According to Beate's own words, she was fascinated when she discovered yellow and purple crocuses in her parents' garden one day. The longing for a garden, which she had last seen at the age of five, later became the driving force behind her efforts to convey this experience in a garden to as many children as possible. She wrote: "At the age of eight, I had made up my mind to become a gardener. I never changed my mind — I never repented my decision. All my life I enjoyed fully my early choice which made it possible to build up gardens for better living!"
Her parents leased their own plot for Beate on Spandauer Berg, where she could garden. At the age of twelve, she met the renown horticulturist, Karl Foerster for the first time when she purchased lily of the valley from him. This contact developed into a lifelong friendship.

Beate received lessons in Latin, French and English from private teachers. At the age of 15, she built a garden together with children who lived in a home for juveniles. After graduating from high school, she attended Horticulture College in Marienfelde, Berlin, from 1913 until her graduation with the highest grades in 1915. She then took a job at the Friedenthal Manor near Hildburghausen in Thuringia. During this time, she began to write articles about horticulture and wrote her first book Hurra, wir säen und ernten! However, it was not published until 1935. In 1917, she took over the role of estate gardener in Hirschfelde, which included a lush park and garden. After this temporary position, Beate returned to her parents' home and looked after some private gardens. When Beate was 22, she repeatedly rejected the offer of the owner of the house Bergstraße 2 in Berlin-Wannsee to work for her as head gardener. Finally, the lady suggested that she would take lessons from Beate herself. But Beate replied that she had no intention of teaching ladies of Berlin society. When asked why she did not want to join her, the gardener said: "Because I don't like your business." When the lady asked further, "And what does a business that you like look like, Beate?", she answered: "It must show a happy harmony between fruit, vegetables and life in the garden." – "Then I will just rearrange my garden according to your wishes", the lady replied and did so, perhaps also a little for the sake of her future daughter-in-law. The happy harmony between fruit, vegetables and life in the garden mentioned by the young gardener could be a hidden indication of an early interest in Rudolf Steiner's anthroposophy.
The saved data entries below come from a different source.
(* Under the standing setup, let $c>0$ be a constant such that $|\mathcal{F}(\mu)(4\pi\overline{\theta^{N}})|>c$ for all $N\in\mathbb{N}$. For $n\ge1$ let \[ U_{n}=\Big\{z\in S\::\:\sup_{r\ge n}|\mathcal{F}(P_{z}\mu)(r)|>c\Big\}. \] Then for every $n\ge1$, $U_n$ is an open and dense subset of $S$.
   Context: Standing setup: Identify $\mathbb{R}^2$ with $\mathbb{C}$. Let $\theta\in\mathbb{C}$ be a complex Pisot number (an algebraic integer with $\theta\notin\mathbb{R}$, $|\theta|>1$, and all Galois conjugates of $\theta$ other than $\overline{\theta}$ of modulus $<1$) such that $\arg\theta\notin\pi\mathbb{Q}$, $3<|\theta|<4$, and the minimal polynomial of $\theta$ over $\mathbb{Q}$ has constant term $1$ or $-1$. Set $\lambda=\theta^{-1}$ and $\mathcal{Y}=\{k\lambda^{l}:k,l\in\mathbb{N}\}$. Let $a_1,a_2\in\mathcal{Y}$ be such that the IFS $\Phi=\{\varphi_{k,j}(z)=\lambda z+(-1)^k a_j : k,j\in\{1,2\}\}$ satisfies the strong separation condition (the images of its attractor under the four maps are pairwise disjoint). Let $\mu$ be the unique compactly supported Borel probability measure on $\mathbb{C}$ with $\mu=\frac14\sum_{k,j\in\{1,2\}}\varphi_{k,j}\mu$ (pushforwards). Write $S=\{z\in\mathbb{C}:|z|=1\}$, $\langle z,w\rangle=\mathrm{Re}(z\overline{w})$, and $P_zw=\langle w,z\rangle$ for $z\in S$, $w\in\mathbb{C}$. For a measure $\nu$ on $\mathbb{C}$, $\mathcal{F}(\nu)(\xi)=\int\exp(i\,\mathrm{Re}(z\overline{\xi}))\,d\nu(z)$; for a compactly supported probability measure $\nu$ on $\mathbb{R}$, $\mathcal{F}(\nu)(r)=\int e^{ixr}\,d\nu(x)$. *)

From HB Require Import structures.
From mathcomp Require Import all_boot all_algebra.
From Stdlib Require Import Reals List ClassicalEpsilon.

Definition intR (z : int) : R :=
  match z with
  | Posz n => INR n
  | Negz n => (- INR (S n))%R
  end.

Definition is_min_poly_int (p : {poly int}) : Prop :=
  (p \is monic) /\ irreducible_poly (map_poly (intr : int -> rat) p).

Definition const_coef_pm1 (p : {poly int}) : Prop :=
  (* constant coefficient is 1 or -1 (Negz 0 = -1) *)
  seq.nth (Posz O) (polyseq p) O = Posz (S O) \/ seq.nth (Posz O) (polyseq p) O = Negz O.

Open Scope R_scope.

Definition Cplx := (R * R)%type.
Definition C0 : Cplx := (0, 0).
Definition C1 : Cplx := (1, 0).
Definition CRe (z : Cplx) : R := fst z.
Definition CIm (z : Cplx) : R := snd z.
Definition Cadd (z w : Cplx) : Cplx := (fst z + fst w, snd z + snd w).
Definition Csub (z w : Cplx) : Cplx := (fst z - fst w, snd z - snd w).
Definition Cmul (z w : Cplx) : Cplx :=
  (fst z * fst w - snd z * snd w, fst z * snd w + snd z * fst w).
Definition Cscal (r : R) (z : Cplx) : Cplx := (r * fst z, r * snd z).
Definition Cconj (z : Cplx) : Cplx := (fst z, - snd z).
Definition Cmod (z : Cplx) : R := sqrt (fst z * fst z + snd z * snd z).
Definition Cinv (z : Cplx) : Cplx :=
  let d := fst z * fst z + snd z * snd z in (fst z / d, - snd z / d).
Fixpoint Cpow (z : Cplx) (n : nat) : Cplx :=
  match n with O => C1 | S m => Cmul z (Cpow z m) end.
Definition cis (t : R) : Cplx := (cos t, sin t).
Definition Cinner (z w : Cplx) : R := CRe (Cmul z (Cconj w)).
Definition Cnat (k : nat) : Cplx := (INR k, 0).

Definition Peval (p : {poly int}) (z : Cplx) : Cplx :=
  foldr (fun a acc => Cadd (intR a, 0) (Cmul z acc)) C0 (polyseq p).

Definition complex_pisot_unit (theta : Cplx) : Prop :=
  CIm theta <> 0 /\ Cmod theta > 1 /\
  exists p : {poly int},
    is_min_poly_int p /\ Peval p theta = C0 /\ const_coef_pm1 p /\
    (forall w : Cplx, Peval p w = C0 -> w <> theta -> w <> Cconj theta ->
                   Cmod w < 1).

(* arg theta in pi*Q  (independent of the choice of branch of arg) *)
Definition arg_in_piQ (theta : Cplx) : Prop :=
  exists (p : Z) (q : nat), (q > 0)%nat /\
    theta = Cscal (Cmod theta) (cis (PI * IZR p / INR q)).

Definition in_Y (lambda a : Cplx) : Prop :=
  exists k l : nat, (k >= 1)%nat /\ (l >= 1)%nat /\
    a = Cmul (Cnat k) (Cpow lambda l).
==Marriage and her own family==
Beate Jastrow married engineer Franz Hahn (1891–1933) on September 11, 1920, on Berlin's Pfaueninsel. The young couple studied economics for a year at the Technische Hochschule Aachen, Germany. Franz then worked in the Ruhr mills (Oberhausen, Mülheim and Großenbaum) of the family's ironworks company (Hahnsche Werke AG). Franz and Beate Hahn had three daughters:

- Anna Elisabeth Cornelia Miriam Hahn (1921 Mülheim/Ruhr – 2021 Vancouver, Canada)
- Marianne Dorothea Bettina Hahn (1923 Düsseldorf – 1939 Altefeld, Werra-Meißner-Kreis)
- Charlotte Anna Eveline Hahn (1926 Düsseldorf – 2011 Ossining, Westchester County, N.Y.)

==Life in Angermund==
From the end of 1922 to the end of 1927, Franz and Beate Hahn lived in Angermund. During this time, Beate gave birth to daughters Marianne (born 1923) and Charlotte (born 1926) in Düsseldorf clinics. Marianne was mentally and physically disabled due to a birth defect. Angelika Schweizer (1900–1976) joined the family as a nanny for the three daughters and this was the start of a lifelong friendship between the Schweizer and Hahn families. At the address Angermund 105 1/4, the Hahn family lived in a country house with six rooms, three attics and hot-water central heating. This included a garden of almost 3,000 m² and an orchard of about 10,000 m², which Beate Hahn cultivated herself. In 2008, her daughter, Cornelia, recalled the move to Angermund: "We moved near Düsseldorf to a village, and we had a beautiful garden. The lawn was [full of] daisies. [As a small child] I kept picking the daisies and amusing myself in the garden. This is my first experience of remembering very clearly what I did in the garden."
The Hahns had come to Angermund because Franz worked at the Hahnsche Werke in nearby Großenbaum. In 1923, Beate created a youth garden for the workers' children, where they received practical and theoretical gardening lessons four times a week. In addition, a nursery building with an information room and a horticultural library was built. The nursery grew vegetables for the plant's canteen and hotel. A head gardener and his team looked after the gardens of the company directors, senior staff and workers. "Of all the gardens in which I worked, none was as close to my heart as the youth garden and the other facilities in Großenbaum. Chimneys were the background of this garden, soot and dirt were all around in the streets. Children who worked with delight in the garden, that was the youth garden." Beate Hahn described the situation in Angermund during the occupation of the Ruhr by Franco-Belgian troops (1923–1925) in an essay entitled Dem Gefährten – Dezember 1930 (translated as "The Companion – December 1930"). This abstract-expressionist text of 16 handwritten pages remained unfinished, but it is the only known description of the events in Angermund during the occupation. Therefore, it is of outstanding importance for local history. At the same time, Hahn's inclination towards her own creative writing style is also recognizable in this text.

==Return to Berlin==
At the end of 1927, Franz and Beate Hahn moved back to Berlin. They lived in a large villa at Bernhard-Beyer-Straße 3 in Steinstücken, a location that belonged to the municipality of Neubabelsberg. Angelika Schweizer continued to care for Cornelia, Marianne and Charlotte. In 1928, when she required more care, the Hahns placed their daughter Marianne in an institution for the disabled. A heartbreaking decision for the parents and their daughters. Almost seventy years later, Charlotte recounted in the Shoah Foundation interview with a laboriously controlled voice: "Although I was only two years old, I knew that Marianne was sick, but she was my sister! --- I never saw her again."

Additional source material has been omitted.